559.Maximum Depth of N-ary Tree¶
Tags: Easy
Tree
Links: https://leetcode.com/problems/maximum-depth-of-n-ary-tree/
Given a n-ary tree, find its maximum depth.
The maximum depth is the number of nodes along the longest path from the root node down to the farthest leaf node.

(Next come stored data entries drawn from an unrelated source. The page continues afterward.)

(* Let $a>0$ and let $L_2=a\mathbb{Z}^3\cup a(\mathbb{Z}+\tfrac12)^3\cup W$. Then $$\sup_{x\in\mathbb{R}^3}\ \min_{p\in L_2}|x-p|=\frac{5\sqrt3}{24}a ,$$ and the set of points $x$ where this supremum is attained is exactly $$\Lambda=\Big\{p+\tfrac{5a}{24}(s_1,s_2,s_3):\ p\in a\mathbb{Z}^3\cup a(\mathbb{Z}+\tfrac12)^3,\ s_1,s_2,s_3\in\{-1,1\}\Big\}.$$ For example, $(5a/24,5a/24,5a/24)$ has exactly seven nearest points in $L_2$ at this distance: the origin and the six points $(0,a/4,a/2)$, $(0,a/2,a/4)$, $(a/4,a/2,0)$, $(a/2,a/4,0)$, $(a/4,0,a/2)$, $(a/2,0,a/4)$ of $W$.
   Context: Fix $a>0$. $W\subset\mathbb{R}^3$ is the set of all points $a(u_1,u_2,u_3)$ such that $(u_1,u_2,u_3)$ is a permutation of a triple $(i,\ j+\tfrac12,\ k+\varepsilon)$ with $i,j,k\in\mathbb{Z}$ and $\varepsilon\in\{\tfrac14,\tfrac34\}$. $|\cdot|$ is the Euclidean norm. *)

From Stdlib Require Import Reals.
Open Scope R_scope.

Definition pt : Type := (R * R * R)%type.

Definition mkpt (x y z : R) : pt := (x, y, z).

Definition dist3 (x p : pt) : R :=
  match x, p with
  | (x1, x2, x3), (p1, p2, p3) =>
      sqrt ((x1 - p1) ^ 2 + (x2 - p2) ^ 2 + (x3 - p3) ^ 2)
  end.


Definition latZ3 (a : R) (p : pt) : Prop :=
  exists i j k : Z, p = mkpt (a * IZR i) (a * IZR j) (a * IZR k).

Definition latZ3half (a : R) (p : pt) : Prop :=
  exists i j k : Z,
    p = mkpt (a * (IZR i + /2)) (a * (IZR j + /2)) (a * (IZR k + /2)).

Definition is_perm3 (u1 u2 u3 v1 v2 v3 : R) : Prop :=
  (u1 = v1 /\ u2 = v2 /\ u3 = v3) \/
  (u1 = v1 /\ u2 = v3 /\ u3 = v2) \/
  (u1 = v2 /\ u2 = v1 /\ u3 = v3) \/
  (u1 = v2 /\ u2 = v3 /\ u3 = v1) \/
  (u1 = v3 /\ u2 = v1 /\ u3 = v2) \/
  (u1 = v3 /\ u2 = v2 /\ u3 = v1).

Definition setW (a : R) (p : pt) : Prop :=
  exists (u1 u2 u3 : R) (i j k : Z) (eps : R),
    (eps = /4 \/ eps = 3/4) /\
    is_perm3 u1 u2 u3 (IZR i) (IZR j + /2) (IZR k + eps) /\
    p = mkpt (a * u1) (a * u2) (a * u3).

Definition L2 (a : R) (p : pt) : Prop :=
  latZ3 a p \/ latZ3half a p \/ setW a p.

Definition is_min_dist (a : R) (x : pt) (d : R) : Prop :=
  (exists p, L2 a p /\ dist3 x p = d) /\
  (forall p, L2 a p -> d <= dist3 x p).

Definition is_sign (s : R) : Prop := s = 1 \/ s = -1.

Definition Lambda (a : R) (x : pt) : Prop :=
  exists (p1 p2 p3 s1 s2 s3 : R),
    (latZ3 a (mkpt p1 p2 p3) \/ latZ3half a (mkpt p1 p2 p3)) /\
    is_sign s1 /\ is_sign s2 /\ is_sign s3 /\
    x = mkpt (p1 + 5 * a / 24 * s1) (p2 + 5 * a / 24 * s2) (p3 + 5 * a / 24 * s3).

(* Everything is reduced to the unit configuration a = 1: a point lies in
   L2 a iff it is a times a point of the set Q of triples whose coordinate
   classes (integer I, half-integer H, quarter-integer F = Z±1/4) follow one
   of the patterns III, HHH or a permutation of IHF; distances scale by a.
   The squared covering radius of Q is rho = 75/576 = (5√3/24)^2.

   1. Q and the unit deep-hole set Λ are invariant under permuting
      coordinates and under t ↦ t + m, t ↦ m - t (m ∈ Z) in each
      coordinate; these maps preserve squared distances to Q.
   2. Hence it suffices to study 0 ≤ y1 ≤ y2 ≤ y3 ≤ 1/2.  There one of
      0, (1/2,1/2,1/2), (0,1/4,1/2) is within squared distance rho, and
      equality forces y = (5/24)^3 or y = (1/2 - 5/24)^3, i.e. y ∈ Λ.
   3. Conversely every point of Λ is at squared distance ≥ rho from Q,
      by a coordinatewise distance-to-Z estimate.
   4. Nearest points of Q exist (nearest point in each coordinate class),
      so the minimum distance is attained.
   The theorem follows by scaling; the example is a finite classification
   of the points of Q at squared distance rho from (5/24,5/24,5/24). *)

From Stdlib Require Import Reals Lra Lia Psatz ZArith.
Open Scope R_scope.

Ltac push_IZR := repeat rewrite ?plus_IZR, ?minus_IZR, ?opp_IZR, ?mult_IZR.

Definition is_int (t : R) : Prop := exists k : Z, t = IZR k.
Definition is_half (t : R) : Prop := exists k : Z, t = IZR k + /2.
Definition is_quarter (t : R) : Prop := exists k : Z, t = IZR k + /4 \/ t = IZR k + 3/4.

Definition pattern (X1 X2 X3 : R -> Prop) (q1 q2 q3 : R) : Prop :=
  X1 q1 /\ X2 q2 /\ X3 q3.

Definition unitL2 (q1 q2 q3 : R) : Prop :=
  pattern is_int is_int is_int q1 q2 q3 \/ pattern is_half is_half is_half q1 q2 q3 \/
  pattern is_int is_half is_quarter q1 q2 q3 \/ pattern is_int is_quarter is_half q1 q2 q3 \/
  pattern is_half is_int is_quarter q1 q2 q3 \/ pattern is_half is_quarter is_int q1 q2 q3 \/
  pattern is_quarter is_int is_half q1 q2 q3 \/ pattern is_quarter is_half is_int q1 q2 q3.

Definition sqdist (y1 y2 y3 q1 q2 q3 : R) : R :=
  (y1 - q1)^2 + (y2 - q2)^2 + (y3 - q3)^2.

(* The squared covering radius (5√3/24)^2. *)
Definition rho : R := 75/576.

Definition unitLambda (y1 y2 y3 : R) : Prop :=
  exists p1 p2 p3 s1 s2 s3,
    ((is_int p1 /\ is_int p2 /\ is_int p3) \/ (is_half p1 /\ is_half p2 /\ is_half p3)) /\
    is_sign s1 /\ is_sign s2 /\ is_sign s3 /\
    y1 = p1 + 5/24*s1 /\ y2 = p2 + 5/24*s2 /\ y3 = p3 + 5/24*s3.

Ltac destruct_unitL2 H := unfold unitL2, pattern in H; decompose [or and] H; clear H.

Lemma sqdist_ge0 y1 y2 y3 q1 q2 q3 : 0 <= sqdist y1 y2 y3 q1 q2 q3.
Proof. unfold sqdist; pose proof (pow2_ge_0 (y1 - q1)); pose proof (pow2_ge_0 (y2 - q2));
  pose proof (pow2_ge_0 (y3 - q3)); lra. Qed.

Lemma nearest_int_sq x (j n : Z) :
  -/2 <= x - IZR j <= /2 -> (x - IZR j)^2 <= (x - IZR n)^2.
Proof.
  intros Hj. destruct (Z.lt_trichotomy n j) as [h|[->|h]]; [| lra |].
  - assert (IZR n <= IZR j - 1) by (rewrite <- minus_IZR; apply IZR_le; lia). nra.
  - assert (IZR j + 1 <= IZR n) by (rewrite <- plus_IZR; apply IZR_le; lia). nra.
Qed.

Lemma int_within_half x : exists j : Z, -/2 <= x - IZR j <= /2.
Proof.
  destruct (archimed x) as [H1 H2].
  destruct (Rle_dec (x - (IZR (up x) - 1)) (/2)).
  - exists (up x - 1)%Z; push_IZR; simpl; lra.
  - exists (up x); lra.
Qed.

Lemma gap_sq_ge (e b : R) (n : Z) :
  -/2 <= e - IZR n <= /2 -> b <= (e - IZR n)^2 -> b <= e^2.
Proof. intros H Hb. pose proof (nearest_int_sq e n 0 H). simpl in *. lra. Qed.

Definition coord_sym (t z : R) : Prop := exists m : Z, z = t + IZR m \/ z = IZR m - t.

(* Coordinate symmetries preserve each class (t ↦ m - t swaps Z+1/4 and Z+3/4). *)
Lemma coord_sym_int t z : coord_sym t z -> is_int t -> is_int z.
Proof.
  intros [m [->| ->]] [k ->]; [exists (k + m)%Z | exists (m - k)%Z]; push_IZR; ring.
Qed.

Lemma coord_sym_half t z : coord_sym t z -> is_half t -> is_half z.
Proof.
  intros [m [->| ->]] [k ->]; [exists (k + m)%Z | exists (m - k - 1)%Z]; push_IZR; simpl; lra.
Qed.

Lemma coord_sym_quarter t z : coord_sym t z -> is_quarter t -> is_quarter z.
Proof.
  intros [m [->| ->]] [k [->| ->]];
    [exists (k + m)%Z; left | exists (k + m)%Z; right
    | exists (m - k - 1)%Z; right | exists (m - k - 1)%Z; left]; push_IZR; simpl; lra.
Qed.

Lemma coord_sym_sq t z q : coord_sym t z -> exists q', coord_sym q q' /\ (t - q)^2 = (z - q')^2.
Proof.
  intros [m [->| ->]].
  - exists (q + IZR m); split; [exists m; left; ring | ring].
  - exists (IZR m - q); split; [exists m; right; ring | ring].
Qed.

Lemma coord_sym_unitL2 q1 q2 q3 r1 r2 r3 :
  coord_sym q1 r1 -> coord_sym q2 r2 -> coord_sym q3 r3 -> unitL2 q1 q2 q3 -> unitL2 r1 r2 r3.
Proof.
  intros H1 H2 H3 HQ; destruct_unitL2 HQ;
  repeat match goal with
  | H : is_int ?q, E : coord_sym ?q _ |- _ => apply (coord_sym_int _ _ E) in H
  | H : is_half ?q, E : coord_sym ?q _ |- _ => apply (coord_sym_half _ _ E) in H
  | H : is_quarter ?q, E : coord_sym ?q _ |- _ => apply (coord_sym_quarter _ _ E) in H
  end; unfold unitL2, pattern; tauto.
Qed.

Lemma coord_sym_shifted_sign y z p s : coord_sym y z -> y = p + 5/24*s -> is_sign s ->
  exists p' s', coord_sym p p' /\ is_sign s' /\ z = p' + 5/24*s'.
Proof.
  intros [m [->| ->]] -> Hs.
  - exists (p + IZR m), s; repeat split; auto; [exists m; left; ring | ring].
  - exists (IZR m - p), (-s); repeat split; [exists m; right; ring | | ring].
    destruct Hs; [right | left]; lra.
Qed.

Lemma coord_sym_unitLambda y1 y2 y3 z1 z2 z3 :
  coord_sym y1 z1 -> coord_sym y2 z2 -> coord_sym y3 z3 ->
  unitLambda y1 y2 y3 -> unitLambda z1 z2 z3.
Proof.
  intros H1 H2 H3 (p1 & p2 & p3 & s1 & s2 & s3 & Hc & S1 & S2 & S3 & E1 & E2 & E3).
  destruct (coord_sym_shifted_sign _ _ _ _ H1 E1 S1) as (p1' & s1' & R1 & T1 & F1).
  destruct (coord_sym_shifted_sign _ _ _ _ H2 E2 S2) as (p2' & s2' & R2 & T2 & F2).
  destruct (coord_sym_shifted_sign _ _ _ _ H3 E3 S3) as (p3' & s3' & R3 & T3 & F3).
  exists p1', p2', p3', s1', s2', s3'; repeat split; auto.
  destruct Hc as [(? & ? & ?)|(? & ? & ?)]; [left | right];
    eauto 6 using coord_sym_int, coord_sym_half.
Qed.

Lemma unitL2_swap12 q1 q2 q3 : unitL2 q1 q2 q3 -> unitL2 q2 q1 q3.
Proof. unfold unitL2, pattern; tauto. Qed.

Lemma unitL2_swap23 q1 q2 q3 : unitL2 q1 q2 q3 -> unitL2 q1 q3 q2.
Proof. unfold unitL2, pattern; tauto. Qed.

Lemma unitLambda_swap12 y1 y2 y3 : unitLambda y1 y2 y3 -> unitLambda y2 y1 y3.
Proof.
  intros (p1 & p2 & p3 & s1 & s2 & s3 & Hc & H).
  exists p2, p1, p3, s2, s1, s3; tauto.
Qed.

Lemma unitLambda_swap23 y1 y2 y3 : unitLambda y1 y2 y3 -> unitLambda y1 y3 y2.
Proof.
  intros (p1 & p2 & p3 & s1 & s2 & s3 & Hc & H).
  exists p1, p3, p2, s1, s3, s2; tauto.
Qed.

Definition covering_at (y1 y2 y3 : R) : Prop :=
  (exists q1 q2 q3, unitL2 q1 q2 q3 /\ sqdist y1 y2 y3 q1 q2 q3 <= rho) /\
  ((forall q1 q2 q3, unitL2 q1 q2 q3 -> rho <= sqdist y1 y2 y3 q1 q2 q3) ->
   unitLambda y1 y2 y3).

Definition symmetric_to (y1 y2 y3 z1 z2 z3 : R) : Prop :=
  (forall q1 q2 q3, unitL2 q1 q2 q3 -> exists r1 r2 r3, unitL2 r1 r2 r3 /\
     sqdist y1 y2 y3 r1 r2 r3 = sqdist z1 z2 z3 q1 q2 q3) /\
  (unitLambda z1 z2 z3 -> unitLambda y1 y2 y3).

Lemma covering_transport y1 y2 y3 z1 z2 z3 :
  symmetric_to y1 y2 y3 z1 z2 z3 -> covering_at z1 z2 z3 -> covering_at y1 y2 y3.
Proof.
  intros [Hdist HLam] [(q1 & q2 & q3 & HQ & Hd) Hfar]; split.
  - destruct (Hdist _ _ _ HQ) as (r1 & r2 & r3 & HR & Er).
    exists r1, r2, r3; split; [exact HR | lra].
  - intros Hall; apply HLam, Hfar; intros r1 r2 r3 HR.
    destruct (Hdist _ _ _ HR) as (u1 & u2 & u3 & HU & Eu).
    specialize (Hall _ _ _ HU); lra.
Qed.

Nary-Tree input serialization is represented in their level order traversal, each group of children is separated by the null value (See examples).
Example 1:
Input: root = [1,null,3,2,4,null,5,6]
Output: 3
Example 2:
Input: root = [1,null,2,3,4,5,null,null,6,7,null,8,null,9,10,null,null,11,null,12,null,13,null,null,14]
Output: 5
Constraints:
- The depth of the n-ary tree is less than or equal to
1000
. - The total number of nodes is between
[0, 10^4]
.
/*
// Definition for a Node.
class Node {
public:
int val;
vector<Node*> children;
Node() {}
Node(int _val) {
val = _val;
}
Node(int _val, vector<Node*> _children) {
val = _val;
children = _children;
}
};
*/
class Solution {
public:
int maxDepth(Node* root) {
std::ios_base::sync_with_stdio(false);
cin.tie(NULL);
cout.tie(NULL);
if (!root) return 0;
auto &v = root -> children;
int res = 0;
for (auto e : v) {
res = max(res, maxDepth(e));
}
return 1 + res;
}
};
迭代解法:
/*
// Definition for a Node.
class Node {
public:
int val;
vector<Node*> children;
Node() {}
Node(int _val) {
val = _val;
}
Node(int _val, vector<Node*> _children) {
val = _val;
children = _children;
}
};
*/
class Solution {
public:
int maxDepth(Node* root) {
std::ios_base::sync_with_stdio(false);
cin.tie(NULL);
cout.tie(NULL);
if (!root) return 0;
queue<Node *> q;
q.push(root);
int level = 0;
while (!q.empty()) {
int n = q.size();
++level;
for (int i = 0; i < n; ++i) {
Node *tmp = q.front(); q.pop();
auto &v = tmp -> children;
for (auto e : v) q.push(e);
}
}
return level;
}
};